Through the technical scheme, the method and the device realize the efficient operation of the large-scale language model, and simultaneously, the advantage of the tree structure is utilized, so that the model can keep higher accuracy while the calculation complexity is reduced. Thus, the present invention is applicable to natural language processing, machine learning, and other related fields.
The invention is further illustrated below in connection with specific examples:
example 1: intelligent question-answering system
The invention can be applied to constructing an intelligent question-answering system for generating corresponding answers according to questions presented by users. In this embodiment 1, a tree-structure-based large language model operation chain device will be employed to realize efficient operation. The specific implementation process is as follows:
(1) The large-scale question-answering model is decomposed into a plurality of sub-models and organized according to a tree structure. Each sub-model represents a portion of the weights in the original model, such as vocabulary, grammar rules, domain knowledge, and the like.

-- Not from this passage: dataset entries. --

(* (1) With $\mathbf a=v\mathbf c$, the function $$\tilde G(\mathbf a,v)=\sum_{k=1}^N\Big(a_k\big(\ln\tfrac{a_k}{v c_k^{\rm e}}-1+q_k\big)+vc_k^{\rm e}\Big)+A\Big(\ln\tfrac{A}{v}-1\Big),\qquad (\mathbf a,v)\in[0,\infty)^N\times(0,\infty)$$ (with $0\ln 0=0$) has positive definite Hessian at every point of $(0,\infty)^{N+1}$, and is convex. (2) Suppose $f(\phi_{\min})<0$ and let $(\mathbf c^*,v^*,\phi^* )$ be the unique steady state of the linear pump-leak system. Then $(\mathbf c^*,v^* )$ is the unique minimizer of $\tilde G(\mathbf c,v)=v\sum_k\big(c_k(\ln(c_k/c_k^{\rm e})-1+q_k)+c_k^{\rm e}\big)+A(\ln(A/v)-1)$ over the set $\overline{\mathcal S}=\{(\mathbf c,v)\in[0,\infty)^N\times(0,\infty):\sum_kz_kc_k+zA/v=0\}$.
   Context: Fix an integer $N\ge2$, real valences $z_1,\dots,z_N$ not all zero, positive constants $c_k^{\rm e}$ with $\sum_kz_kc_k^{\rm e}=0$, $A>0$, $z\in\mathbb R$. Let $L$ be a real symmetric positive definite $N\times N$ matrix, $\mathbf p\in\mathbb R^N$ constant, $\zeta>0$, $\mathbf q=(q_k)=L^{-1}\mathbf p$, and $f(\phi)=\sum_kc_k^{\rm e}(\exp(-q_k-z_k\phi)-1)$, which has a unique minimizer $\phi_{\min}$ on $\mathbb R$. For $\mathbf c\in(0,\infty)^N$, $v>0$, $\phi\in\mathbb R$: $\mu_k=\ln(c_k/c_k^{\rm e})+z_k\phi$, $\pi_{\rm w}=\sum_kc_k^{\rm e}-(\sum_kc_k+A/v)$. The linear pump-leak system is $\frac{d}{dt}(v\mathbf c)=-L\boldsymbol\mu-\mathbf p$, $0=\sum_kz_kc_k+zA/v$, $\frac{dv}{dt}=-\zeta\pi_{\rm w}$; a steady state is a point $(\mathbf c,v,\phi)\in(0,\infty)^N\times(0,\infty)\times\mathbb R$ with the constraint holding, $L\boldsymbol\mu+\mathbf p=0$ and $\pi_{\rm w}=0$; when $f(\phi_{\min})<0$ it exists and is unique. *)

(* classical reals. Vectors in R^N are functions nat -> R,
   only the entries 0..N-1 being relevant. *)
From Stdlib Require Import Reals Lra Lia.
Open Scope R_scope.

(2) The context modeling module is designed to extract useful information, such as keywords, entities, domain types, etc., from the input questions. A pre-trained classifier or clustering algorithm determines the sub-model paths to be calculated for the input problem based on the extracted information.
(3) The computing resource allocation module dynamically allocates computing resources according to the input data and the sub-model computing resource requirements. According to task demands and computing device performances, parallel computation among different sub-models is realized in the multi-core processor environment.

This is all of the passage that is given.